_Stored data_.
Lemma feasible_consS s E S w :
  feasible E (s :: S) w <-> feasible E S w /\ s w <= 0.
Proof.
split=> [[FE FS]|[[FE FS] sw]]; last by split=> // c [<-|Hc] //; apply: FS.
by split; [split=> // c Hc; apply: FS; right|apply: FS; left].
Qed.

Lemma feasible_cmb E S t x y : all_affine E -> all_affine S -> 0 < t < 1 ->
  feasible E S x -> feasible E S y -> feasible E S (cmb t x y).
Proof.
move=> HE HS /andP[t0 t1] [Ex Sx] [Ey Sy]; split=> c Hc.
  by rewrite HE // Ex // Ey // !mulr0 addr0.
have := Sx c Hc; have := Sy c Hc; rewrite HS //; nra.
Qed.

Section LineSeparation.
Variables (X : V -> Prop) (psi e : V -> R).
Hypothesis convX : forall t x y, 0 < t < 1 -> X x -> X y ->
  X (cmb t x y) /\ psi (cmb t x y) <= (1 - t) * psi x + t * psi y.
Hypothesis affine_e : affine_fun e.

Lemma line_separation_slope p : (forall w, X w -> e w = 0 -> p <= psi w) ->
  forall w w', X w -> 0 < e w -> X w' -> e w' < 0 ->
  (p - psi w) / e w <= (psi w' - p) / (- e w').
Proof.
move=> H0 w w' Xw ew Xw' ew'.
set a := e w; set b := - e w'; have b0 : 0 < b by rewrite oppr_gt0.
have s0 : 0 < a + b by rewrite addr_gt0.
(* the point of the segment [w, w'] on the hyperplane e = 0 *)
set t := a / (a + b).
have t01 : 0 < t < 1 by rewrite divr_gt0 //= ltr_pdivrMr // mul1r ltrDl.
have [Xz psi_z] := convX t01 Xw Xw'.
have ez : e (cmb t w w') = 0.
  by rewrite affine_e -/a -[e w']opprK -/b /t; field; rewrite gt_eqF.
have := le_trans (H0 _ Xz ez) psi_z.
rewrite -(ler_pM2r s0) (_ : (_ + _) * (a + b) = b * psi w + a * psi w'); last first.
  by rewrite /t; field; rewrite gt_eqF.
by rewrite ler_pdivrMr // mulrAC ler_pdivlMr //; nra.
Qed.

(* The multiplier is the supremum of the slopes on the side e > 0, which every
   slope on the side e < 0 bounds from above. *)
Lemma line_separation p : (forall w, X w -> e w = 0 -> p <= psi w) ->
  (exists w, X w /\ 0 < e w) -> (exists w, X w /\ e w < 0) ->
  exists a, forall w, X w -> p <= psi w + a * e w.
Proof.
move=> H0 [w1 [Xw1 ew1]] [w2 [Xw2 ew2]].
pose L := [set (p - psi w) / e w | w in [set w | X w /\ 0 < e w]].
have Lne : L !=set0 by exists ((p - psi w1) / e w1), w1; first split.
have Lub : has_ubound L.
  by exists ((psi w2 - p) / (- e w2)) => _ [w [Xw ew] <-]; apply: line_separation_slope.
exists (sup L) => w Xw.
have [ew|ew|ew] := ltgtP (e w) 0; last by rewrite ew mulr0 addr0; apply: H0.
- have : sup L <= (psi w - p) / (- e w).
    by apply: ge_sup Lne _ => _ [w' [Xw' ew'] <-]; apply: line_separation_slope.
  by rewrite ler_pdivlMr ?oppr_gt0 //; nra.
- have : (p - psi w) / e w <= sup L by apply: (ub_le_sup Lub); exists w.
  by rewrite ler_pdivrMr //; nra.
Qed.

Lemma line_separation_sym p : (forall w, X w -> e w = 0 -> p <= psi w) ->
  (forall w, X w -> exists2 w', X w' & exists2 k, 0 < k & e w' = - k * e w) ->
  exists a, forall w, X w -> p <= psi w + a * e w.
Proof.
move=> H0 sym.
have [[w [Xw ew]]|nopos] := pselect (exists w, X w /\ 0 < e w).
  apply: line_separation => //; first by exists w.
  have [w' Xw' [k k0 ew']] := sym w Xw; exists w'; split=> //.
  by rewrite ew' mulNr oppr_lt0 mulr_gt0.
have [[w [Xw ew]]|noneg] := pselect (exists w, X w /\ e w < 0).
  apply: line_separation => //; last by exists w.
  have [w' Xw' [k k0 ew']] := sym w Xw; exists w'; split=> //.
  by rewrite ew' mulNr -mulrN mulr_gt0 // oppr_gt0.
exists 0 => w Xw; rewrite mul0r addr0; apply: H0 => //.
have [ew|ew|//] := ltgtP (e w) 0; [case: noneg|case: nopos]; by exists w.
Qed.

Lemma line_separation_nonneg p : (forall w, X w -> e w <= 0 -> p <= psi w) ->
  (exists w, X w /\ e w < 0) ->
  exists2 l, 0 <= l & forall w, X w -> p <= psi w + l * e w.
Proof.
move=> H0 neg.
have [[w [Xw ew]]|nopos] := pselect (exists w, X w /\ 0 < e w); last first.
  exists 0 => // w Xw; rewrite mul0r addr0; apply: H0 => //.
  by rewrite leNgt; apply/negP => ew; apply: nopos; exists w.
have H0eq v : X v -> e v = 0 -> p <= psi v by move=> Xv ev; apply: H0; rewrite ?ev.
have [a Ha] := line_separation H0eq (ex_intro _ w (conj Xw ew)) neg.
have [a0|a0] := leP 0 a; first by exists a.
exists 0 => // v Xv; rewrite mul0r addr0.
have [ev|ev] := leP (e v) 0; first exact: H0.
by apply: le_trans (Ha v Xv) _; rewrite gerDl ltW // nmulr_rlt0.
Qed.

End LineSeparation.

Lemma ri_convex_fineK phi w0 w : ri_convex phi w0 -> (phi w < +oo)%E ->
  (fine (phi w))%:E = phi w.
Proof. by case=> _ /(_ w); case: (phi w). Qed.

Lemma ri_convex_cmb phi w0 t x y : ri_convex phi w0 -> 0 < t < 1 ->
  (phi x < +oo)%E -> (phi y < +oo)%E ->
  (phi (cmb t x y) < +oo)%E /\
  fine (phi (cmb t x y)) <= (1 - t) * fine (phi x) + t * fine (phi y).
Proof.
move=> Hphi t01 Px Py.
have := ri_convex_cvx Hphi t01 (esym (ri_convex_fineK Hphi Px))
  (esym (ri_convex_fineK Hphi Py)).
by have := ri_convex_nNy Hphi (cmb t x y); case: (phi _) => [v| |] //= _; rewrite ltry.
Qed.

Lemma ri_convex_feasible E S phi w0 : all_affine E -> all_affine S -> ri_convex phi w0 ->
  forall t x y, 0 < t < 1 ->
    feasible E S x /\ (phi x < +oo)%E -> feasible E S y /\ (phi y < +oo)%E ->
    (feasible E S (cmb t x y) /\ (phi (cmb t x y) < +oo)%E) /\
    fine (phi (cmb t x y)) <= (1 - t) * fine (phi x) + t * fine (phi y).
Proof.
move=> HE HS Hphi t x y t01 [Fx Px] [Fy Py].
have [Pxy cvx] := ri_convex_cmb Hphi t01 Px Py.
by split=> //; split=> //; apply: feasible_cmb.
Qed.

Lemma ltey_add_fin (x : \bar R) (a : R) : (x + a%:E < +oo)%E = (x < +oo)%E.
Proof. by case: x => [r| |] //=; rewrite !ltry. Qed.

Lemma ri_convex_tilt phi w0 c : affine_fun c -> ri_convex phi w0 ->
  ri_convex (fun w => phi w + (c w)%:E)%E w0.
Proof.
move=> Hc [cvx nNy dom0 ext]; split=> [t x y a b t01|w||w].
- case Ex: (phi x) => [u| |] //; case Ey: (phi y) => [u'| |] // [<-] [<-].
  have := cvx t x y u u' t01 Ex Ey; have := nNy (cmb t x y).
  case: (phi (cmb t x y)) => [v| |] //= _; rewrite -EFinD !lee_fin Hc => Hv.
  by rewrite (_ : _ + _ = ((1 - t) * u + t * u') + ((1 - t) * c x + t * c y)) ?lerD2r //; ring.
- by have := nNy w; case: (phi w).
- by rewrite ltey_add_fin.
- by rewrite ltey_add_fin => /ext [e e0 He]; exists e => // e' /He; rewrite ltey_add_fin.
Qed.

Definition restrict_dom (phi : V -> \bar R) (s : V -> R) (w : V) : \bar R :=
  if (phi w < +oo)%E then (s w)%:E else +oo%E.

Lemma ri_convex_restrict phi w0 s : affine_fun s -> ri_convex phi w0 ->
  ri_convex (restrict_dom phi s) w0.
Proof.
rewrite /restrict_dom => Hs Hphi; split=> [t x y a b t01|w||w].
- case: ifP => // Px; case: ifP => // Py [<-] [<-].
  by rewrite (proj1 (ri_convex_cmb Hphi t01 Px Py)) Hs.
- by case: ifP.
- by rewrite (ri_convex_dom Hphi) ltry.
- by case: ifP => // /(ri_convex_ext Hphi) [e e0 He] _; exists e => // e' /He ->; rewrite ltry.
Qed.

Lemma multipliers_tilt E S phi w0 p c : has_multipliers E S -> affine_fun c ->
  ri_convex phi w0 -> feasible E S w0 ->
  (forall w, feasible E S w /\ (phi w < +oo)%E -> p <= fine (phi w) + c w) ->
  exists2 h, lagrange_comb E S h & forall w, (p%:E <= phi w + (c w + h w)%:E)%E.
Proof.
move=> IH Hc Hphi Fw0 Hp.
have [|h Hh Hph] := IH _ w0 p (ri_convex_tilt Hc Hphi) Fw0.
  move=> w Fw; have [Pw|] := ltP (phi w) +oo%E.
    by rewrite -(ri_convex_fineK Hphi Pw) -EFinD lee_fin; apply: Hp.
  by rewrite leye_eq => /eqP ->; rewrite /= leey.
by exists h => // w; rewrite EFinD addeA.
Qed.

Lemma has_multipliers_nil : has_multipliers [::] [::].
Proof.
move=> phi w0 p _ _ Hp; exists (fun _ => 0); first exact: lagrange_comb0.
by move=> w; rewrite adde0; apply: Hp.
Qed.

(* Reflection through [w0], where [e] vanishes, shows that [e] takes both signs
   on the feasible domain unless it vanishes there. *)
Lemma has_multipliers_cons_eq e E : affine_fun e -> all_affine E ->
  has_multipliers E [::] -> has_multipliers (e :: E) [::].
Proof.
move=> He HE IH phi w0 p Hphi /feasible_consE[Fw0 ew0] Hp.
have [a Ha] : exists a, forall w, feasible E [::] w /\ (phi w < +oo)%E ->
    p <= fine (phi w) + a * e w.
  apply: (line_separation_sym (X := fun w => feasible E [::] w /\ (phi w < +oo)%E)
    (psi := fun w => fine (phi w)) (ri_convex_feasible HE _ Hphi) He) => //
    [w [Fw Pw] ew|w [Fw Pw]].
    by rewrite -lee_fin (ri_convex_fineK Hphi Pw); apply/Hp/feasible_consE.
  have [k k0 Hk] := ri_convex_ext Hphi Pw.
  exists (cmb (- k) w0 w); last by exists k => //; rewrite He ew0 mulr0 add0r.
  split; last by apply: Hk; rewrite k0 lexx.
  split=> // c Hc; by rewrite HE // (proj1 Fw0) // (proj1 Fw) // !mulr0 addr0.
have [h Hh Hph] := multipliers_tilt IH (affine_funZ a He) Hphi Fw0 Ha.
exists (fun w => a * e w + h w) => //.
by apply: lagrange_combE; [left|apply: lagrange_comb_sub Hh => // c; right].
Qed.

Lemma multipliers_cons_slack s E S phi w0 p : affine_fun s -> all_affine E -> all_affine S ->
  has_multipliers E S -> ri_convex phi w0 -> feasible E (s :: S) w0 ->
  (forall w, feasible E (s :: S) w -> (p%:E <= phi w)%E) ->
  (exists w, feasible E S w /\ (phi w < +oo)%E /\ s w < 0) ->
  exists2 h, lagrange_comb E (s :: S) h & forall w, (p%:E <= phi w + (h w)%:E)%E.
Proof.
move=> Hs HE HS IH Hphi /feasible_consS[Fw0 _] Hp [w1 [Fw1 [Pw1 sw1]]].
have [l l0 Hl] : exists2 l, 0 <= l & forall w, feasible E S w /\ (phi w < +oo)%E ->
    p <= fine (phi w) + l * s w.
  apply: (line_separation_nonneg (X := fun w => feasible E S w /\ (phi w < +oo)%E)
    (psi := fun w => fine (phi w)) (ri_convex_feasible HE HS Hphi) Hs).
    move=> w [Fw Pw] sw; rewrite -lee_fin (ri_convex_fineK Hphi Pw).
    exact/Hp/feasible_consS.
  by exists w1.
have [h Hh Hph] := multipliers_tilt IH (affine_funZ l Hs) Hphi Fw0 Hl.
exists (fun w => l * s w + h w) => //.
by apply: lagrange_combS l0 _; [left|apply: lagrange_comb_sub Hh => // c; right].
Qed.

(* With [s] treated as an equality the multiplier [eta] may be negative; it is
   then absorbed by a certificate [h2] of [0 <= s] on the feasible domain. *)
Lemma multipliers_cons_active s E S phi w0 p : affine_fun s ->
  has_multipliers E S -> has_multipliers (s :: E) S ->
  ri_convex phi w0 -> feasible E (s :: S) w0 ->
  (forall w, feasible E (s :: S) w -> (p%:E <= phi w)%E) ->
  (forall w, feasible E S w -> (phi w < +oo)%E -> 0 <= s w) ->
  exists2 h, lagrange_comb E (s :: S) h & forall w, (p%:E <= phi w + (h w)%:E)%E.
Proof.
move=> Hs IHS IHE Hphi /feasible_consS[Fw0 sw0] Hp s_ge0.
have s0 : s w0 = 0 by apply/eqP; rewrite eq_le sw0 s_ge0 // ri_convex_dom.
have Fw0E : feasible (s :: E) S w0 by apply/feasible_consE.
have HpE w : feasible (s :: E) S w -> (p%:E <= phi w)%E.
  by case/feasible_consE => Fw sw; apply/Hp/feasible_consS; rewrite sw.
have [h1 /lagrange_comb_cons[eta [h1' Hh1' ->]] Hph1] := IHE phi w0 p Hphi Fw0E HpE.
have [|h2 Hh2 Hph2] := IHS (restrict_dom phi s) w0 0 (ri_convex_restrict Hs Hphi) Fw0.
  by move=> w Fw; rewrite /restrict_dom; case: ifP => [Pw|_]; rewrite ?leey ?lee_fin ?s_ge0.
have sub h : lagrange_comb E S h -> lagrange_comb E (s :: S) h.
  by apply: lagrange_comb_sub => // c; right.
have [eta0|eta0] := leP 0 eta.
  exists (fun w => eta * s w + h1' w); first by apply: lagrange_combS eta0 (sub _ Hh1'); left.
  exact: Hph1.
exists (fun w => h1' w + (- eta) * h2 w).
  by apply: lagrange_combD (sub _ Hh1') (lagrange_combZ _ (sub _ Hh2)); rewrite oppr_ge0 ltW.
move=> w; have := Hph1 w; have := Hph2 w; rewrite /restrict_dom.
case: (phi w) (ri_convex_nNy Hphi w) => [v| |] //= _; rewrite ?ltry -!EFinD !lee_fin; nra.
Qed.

_Instructions to follow_.
Among the entries above, the lines between the ones containing "slope on the" and "have [a Ha] := line_separation", inclusive, are to be transcribed exactly. No other line is to be given.

_Solution to the problem_.
   slope on the side e < 0 bounds from above. *)
Lemma line_separation p : (forall w, X w -> e w = 0 -> p <= psi w) ->
  (exists w, X w /\ 0 < e w) -> (exists w, X w /\ e w < 0) ->
  exists a, forall w, X w -> p <= psi w + a * e w.
Proof.
move=> H0 [w1 [Xw1 ew1]] [w2 [Xw2 ew2]].
pose L := [set (p - psi w) / e w | w in [set w | X w /\ 0 < e w]].
have Lne : L !=set0 by exists ((p - psi w1) / e w1), w1; first split.
have Lub : has_ubound L.
  by exists ((psi w2 - p) / (- e w2)) => _ [w [Xw ew] <-]; apply: line_separation_slope.
exists (sup L) => w Xw.
have [ew|ew|ew] := ltgtP (e w) 0; last by rewrite ew mulr0 addr0; apply: H0.
- have : sup L <= (psi w - p) / (- e w).
    by apply: ge_sup Lne _ => _ [w' [Xw' ew'] <-]; apply: line_separation_slope.
  by rewrite ler_pdivlMr ?oppr_gt0 //; nra.
- have : (p - psi w) / e w <= sup L by apply: (ub_le_sup Lub); exists w.
  by rewrite ler_pdivrMr //; nra.
Qed.

Lemma line_separation_sym p : (forall w, X w -> e w = 0 -> p <= psi w) ->
  (forall w, X w -> exists2 w', X w' & exists2 k, 0 < k & e w' = - k * e w) ->
  exists a, forall w, X w -> p <= psi w + a * e w.
Proof.
move=> H0 sym.
have [[w [Xw ew]]|nopos] := pselect (exists w, X w /\ 0 < e w).
  apply: line_separation => //; first by exists w.
  have [w' Xw' [k k0 ew']] := sym w Xw; exists w'; split=> //.
  by rewrite ew' mulNr oppr_lt0 mulr_gt0.
have [[w [Xw ew]]|noneg] := pselect (exists w, X w /\ e w < 0).
  apply: line_separation => //; last by exists w.
  have [w' Xw' [k k0 ew']] := sym w Xw; exists w'; split=> //.
  by rewrite ew' mulNr -mulrN mulr_gt0 // oppr_gt0.
exists 0 => w Xw; rewrite mul0r addr0; apply: H0 => //.
have [ew|ew|//] := ltgtP (e w) 0; [case: noneg|case: nopos]; by exists w.
Qed.

Lemma line_separation_nonneg p : (forall w, X w -> e w <= 0 -> p <= psi w) ->
  (exists w, X w /\ e w < 0) ->
  exists2 l, 0 <= l & forall w, X w -> p <= psi w + l * e w.
Proof.
move=> H0 neg.
have [[w [Xw ew]]|nopos] := pselect (exists w, X w /\ 0 < e w); last first.
  exists 0 => // w Xw; rewrite mul0r addr0; apply: H0 => //.
  by rewrite leNgt; apply/negP => ew; apply: nopos; exists w.
have H0eq v : X v -> e v = 0 -> p <= psi v by move=> Xv ev; apply: H0; rewrite ?ev.
have [a Ha] := line_separation H0eq (ex_intro _ w (conj Xw ew)) neg.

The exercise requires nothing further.